One thing none of us has quite got our heads around is how we'll incorporate quantum computing–a growing inevitability–into big data. With the advances in this area, many of them being developed by IBM Research, you have to wonder how the distributed runtime execution environment for big data analytics will evolve in the next 10-20 years. Will CPUs, core and other discrete processing elements in the big data fabric also be virtualized through some cosmic "entanglement" (here's where I'm, perhaps, a bit over my head on the "plumbing" of quantum computing).
For those of you who think I'm talking purely blue sky, check out this week's IBM press release on our exciting work in the new field of "spintronics" for advanced storage or this recent article on other work we're doing related to quantum computing.
If we put on our thinking caps, what will quantum-powered big-data analytics allow us to do that we can't do now with MPP EDW, Hadoop, NoSQL and other approaches? For starters, complex real-time optimizations involving zillions of variables and simultaneous calculations will become a piece of cake. The most demanding of today's multi-scenario constraint-based optimization challenges will give way to seemingly unlimited processing power. Data scientists will be able to test so many alternate modeling scenarios concurrently that the most extraordinarily deep analyses be indistinguishable from magic (i.e., the late Arthur C. Clarke's definition of a "sufficiently advanced technology").

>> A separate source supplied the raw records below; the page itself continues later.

Lemma uA_ext (u : nat -> (nat -> R) -> ER) (i : nat) (a b : nat -> R) (t : R) :
  u i a = u i b -> uA u i a t = uA u i b t.
Proof. unfold uA. intros ->. reflexivity. Qed.

Definition penalty (ord : nat -> list nat) (m : profile) (i j : nat) : R :=
  snd (m i) j * (fst (m i) j - fst (m (iplus ord i j)) j) ^ 2.

Section Mechanism.

Variables (N : nat) (Rs ord : nat -> list nat) (A : nat -> R -> Prop)
  (u : nat -> (nat -> R) -> ER).
Hypothesis Hset : setting N Rs ord A u.

Lemma ord_facts (i j : nat) : (i < N)%nat -> In j (Rs i) ->
  NoDup (ord j) /\ (3 <= length (ord j))%nat /\ In i (ord j) /\
  (forall k, In k (ord j) -> (k < N)%nat /\ In j (Rs k)).
Proof.
  intros Hi Hj.
  destruct Hset as (_ & HR & HC & HP & _).
  destruct (HR i Hi) as (_ & _ & HjN). specialize (HjN j Hj).
  pose proof (Permutation_sym (HP j HjN)) as Hperm.
  split; [|split; [|split]].
  - exact (Permutation_NoDup Hperm (Cset_NoDup N Rs j)).
  - rewrite <- (Permutation_length Hperm). auto.
  - apply (Permutation_in _ Hperm), Cset_In. auto.
  - intros k Hk. apply Cset_In, (Permutation_in _ (Permutation_sym Hperm)), Hk.
Qed.

Lemma iplus_ne (i j : nat) : (i < N)%nat -> In j (Rs i) -> iplus ord i j <> i.
Proof.
  intros Hi Hj. destruct (ord_facts i j Hi Hj) as (? & ? & ? & _).
  apply cyc_succ_ne; auto.
Qed.

Lemma iplus2_ne (i j : nat) : (i < N)%nat -> In j (Rs i) -> iplus2 ord i j <> i.
Proof.
  intros Hi Hj. destruct (ord_facts i j Hi Hj) as (? & ? & ? & _).
  apply cyc_succ_ne; auto.
Qed.

Lemma iplus_user (i j : nat) : (i < N)%nat -> In j (Rs i) ->
  (iplus ord i j < N)%nat /\ In j (Rs (iplus ord i j)).
Proof.
  intros Hi Hj. destruct (ord_facts i j Hi Hj) as (_ & Hl & _ & Hmem).
  apply Hmem, cyc_succ_In. lia.
Qed.

Lemma iplus_iplus (i j : nat) : (i < N)%nat -> In j (Rs i) ->
  iplus ord (iplus ord i j) j = iplus2 ord i j.
Proof.
  intros Hi Hj. destruct (ord_facts i j Hi Hj) as (Hnd & Hl & _).
  apply cyc_succ_succ; [assumption|lia].
Qed.

Lemma ahat_update_action (m : profile) (i j : nat) (c : R) :
  (i < N)%nat -> In j (Rs i) ->
  ahat N Rs (update m i (fupd (fst (m i)) j c, snd (m i))) j
  = / INR (length (Cset N Rs j))
    * (lsum (Cset N Rs j) (fun k => fst (m k) j) - fst (m i) j + c).
Proof.
  intros Hi Hj. unfold ahat. f_equal.
  rewrite (lsum_upd _ (fun k => fst (m k) j) _ i).
  - unfold update, fupd. simpl.
    destruct (Nat.eq_dec i i) as [_|]; [|congruence]. simpl.
    destruct (Nat.eq_dec j j); [reflexivity|congruence].
  - apply Cset_NoDup.
  - apply Cset_In. auto.
  - intros k Hk. unfold update. destruct (Nat.eq_dec k i); congruence.
Qed.

Definition tax_term (m : profile) (i j : nat) : R :=
  lij ord m i j * ahat N Rs m j
  + snd (m i) j * (fst (m i) j - fst (m (iplus ord i j)) j) ^ 2
  - snd (m (iplus ord i j)) j
      * (fst (m (iplus ord i j)) j - fst (m (iplus2 ord i j)) j) ^ 2.

Lemma that_drop_price (m : profile) (i j : nat) :
  (i < N)%nat -> In j (Rs i) ->
  that N Rs ord (update m i (fst (m i), fupd (snd (m i)) j 0)) i
  = that N Rs ord m i - penalty ord m i j.
Proof.
  intros Hi Hj.
  set (m' := update m i (fst (m i), fupd (snd (m i)) j 0)).
  assert (Hfst : forall k, fst (m' k) = fst (m k)).
  { intros k. unfold m', update. destruct (Nat.eq_dec k i) as [->|]; reflexivity. }
  assert (Hsnd : forall k j', k <> i \/ j' <> j -> snd (m' k) j' = snd (m k) j').
  { intros k j' Hkj. unfold m', update, fupd.
    destruct (Nat.eq_dec k i) as [->|]; [|reflexivity]. simpl.
    destruct (Nat.eq_dec j' j); [intuition|reflexivity]. }
  assert (Hsii : snd (m' i) j = 0).
  { unfold m', update, fupd. destruct (Nat.eq_dec i i); [|congruence]. simpl.
    destruct (Nat.eq_dec j j); congruence. }
  destruct Hset as (_ & HR & _).
  change (lsum (Rs i) (tax_term m' i) = lsum (Rs i) (tax_term m i) - penalty ord m i j).
  rewrite (lsum_upd _ (tax_term m i) _ j); [|apply HR; assumption|assumption|].
  - unfold tax_term, lij, penalty.
    rewrite !Hfst, Hsii.
    rewrite !(Hsnd _ j) by auto using iplus_ne, iplus2_ne.
    rewrite (ahat_ext N Rs m m' j) by (intros; rewrite Hfst; reflexivity).
    ring.
  - intros j' Hj'. unfold tax_term, lij. rewrite !Hfst, !(Hsnd _ j') by auto.
    rewrite (ahat_ext N Rs m m' j') by (intros; rewrite Hfst; reflexivity).
    reflexivity.
Qed.

Variable m : profile.
Hypothesis Hnash : nash_equilibrium N Rs ord u m.

(* Step 1: at equilibrium every user obtains a finite valuation, since
   deviating so that \hat a_i = 0 in A_i already guarantees one. *)
Lemma equilibrium_util_finite (i : nat) :
  (i < N)%nat -> exists r, u i (fun j => ahat N Rs m j) = Fin r.
Proof.
  intros Hi.
  destruct Hset as (_ & HR & _ & _ & HA & HU).
  destruct (HR i Hi) as (_ & Hii & _).
  destruct (HA i Hi) as (_ & _ & _ & HA0).
  destruct (HU i Hi) as (_ & Hfin & _ & _).
  destruct Hnash as (Had & Hbest).
  set (c := fst (m i) i - lsum (Cset N Rs i) (fun k => fst (m k) i)).
  set (mi := (fupd (fst (m i)) i c, snd (m i))).
  assert (Hzero : ahat N Rs (update m i mi) i = 0).
  { unfold mi. rewrite ahat_update_action by assumption. unfold c. ring. }
  destruct (Hfin (fun j => ahat N Rs (update m i mi) j)) as [r' Hr'].
  { rewrite Hzero. exact HA0. }
  assert (Hle := Hbest i Hi mi (Had i Hi)).
  unfold outcome_util, uA in Hle. rewrite Hr' in Hle.
  destruct (u i (fun j => ahat N Rs m j)) as [r|]; [eauto|contradiction].
Qed.

Lemma penalty_vanishes (i j : nat) :
  (i < N)%nat -> In j (Rs i) -> penalty ord m i j = 0.
Proof.
  intros Hi Hj.
  destruct (equilibrium_util_finite i Hi) as [r Hr].
  destruct Hnash as (Had & Hbest).
  set (mi := (fst (m i), fupd (snd (m i)) j 0)).
  assert (Hadm : admissible Rs i mi).
  { intros k Hk. unfold mi, fupd. simpl.
    destruct (Nat.eq_dec k j); [lra|exact (Had i Hi k Hk)]. }
  assert (Hnonneg : 0 <= penalty ord m i j).
  { apply Rmult_le_pos; [exact (Had i Hi j Hj)|apply pow2_ge_0]. }
  assert (Hsame_u : u i (fun k => ahat N Rs (update m i mi) k)
                    = u i (fun k => ahat N Rs m k)).
  { destruct Hset as (_ & _ & _ & _ & _ & HU). apply (HU i Hi).
    intros k _. apply ahat_ext. intros k'. unfold update.
    destruct (Nat.eq_dec k' i) as [->|]; reflexivity. }
  assert (Hle := Hbest i Hi mi Hadm).
  unfold outcome_util in Hle.
  rewrite (uA_ext _ _ _ _ _ Hsame_u) in Hle.
  unfold mi in Hle. rewrite that_drop_price in Hle by assumption.
  apply tax_le_of_uA_le with (r := r) in Hle; [lra|exact Hr].
Qed.

(* Step 3: the second penalty of (i, j) is the first penalty of (i^+, j). *)
Lemma next_penalty_vanishes (i j : nat) :
  (i < N)%nat -> In j (Rs i) ->
  snd (m (iplus ord i j)) j
    * (fst (m (iplus ord i j)) j - fst (m (iplus2 ord i j)) j) ^ 2 = 0.
Proof.
  intros Hi Hj. destruct (iplus_user i j Hi Hj) as [HkN Hjk].
  rewrite <- (iplus_iplus i j Hi Hj).
  exact (penalty_vanishes (iplus ord i j) j HkN Hjk).
Qed.

End Mechanism.

Theorem claim2 (N : nat) (Rs : nat -> list nat) (ord : nat -> list nat)
  (A : nat -> R -> Prop) (u : nat -> (nat -> R) -> ER) (m : profile) :
  setting N Rs ord A u ->
  nash_equilibrium N Rs ord u m ->
  (forall i j, (i < N)%nat -> In j (Rs i) ->
     snd (m i) j * (fst (m i) j - fst (m (iplus ord i j)) j) ^ 2 = 0 /\
     snd (m (iplus ord i j)) j
       * (fst (m (iplus ord i j)) j - fst (m (iplus2 ord i j)) j) ^ 2 = 0) /\
  (forall i, (i < N)%nat ->
     that N Rs ord m i = lsum (Rs i) (fun j => lij ord m i j * ahat N Rs m j)).
Proof.
  intros Hset Hnash.
  assert (Hpen : forall i j, (i < N)%nat -> In j (Rs i) ->
     snd (m i) j * (fst (m i) j - fst (m (iplus ord i j)) j) ^ 2 = 0 /\
     snd (m (iplus ord i j)) j
       * (fst (m (iplus ord i j)) j - fst (m (iplus2 ord i j)) j) ^ 2 = 0).
  { intros i j Hi Hj. split.
    - exact (penalty_vanishes N Rs ord A u Hset m Hnash i j Hi Hj).
    - exact (next_penalty_vanishes N Rs ord A u Hset m Hnash i j Hi Hj). }
  split; [exact Hpen|].
  intros i Hi. unfold that. apply lsum_ext. intros j Hj.
  destruct (Hpen i j Hi Hj) as [H1 H2]. rewrite H1, H2. ring.
Qed.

When will this all become feasible, technologically (I'm not even going to speculate about when you might see it embedded in generally available products)? Mark Ketchen of IBM’s Watson Research Center is on record as saying "I used to think it was 50 [years]. Now I’m thinking like it’s 15 or a little more. It’s within reach. It’s within our lifetime. It’s going to happen."
Within our lifetime? I'm almost 54. I suspect that it may happen not only while I'm alive, but while I'm still in the pink of my career in this industry. Technological advances are snowballing and converging at seeming light speed.
Does that make me a first-class space cadet? What do you think?
At the end of the week, I'm still getting my head around spintronics. And a Wall Street Journal I just read over breakfast: "Future of Data: Encoded in DNA".
What's NOT a potential data storage device?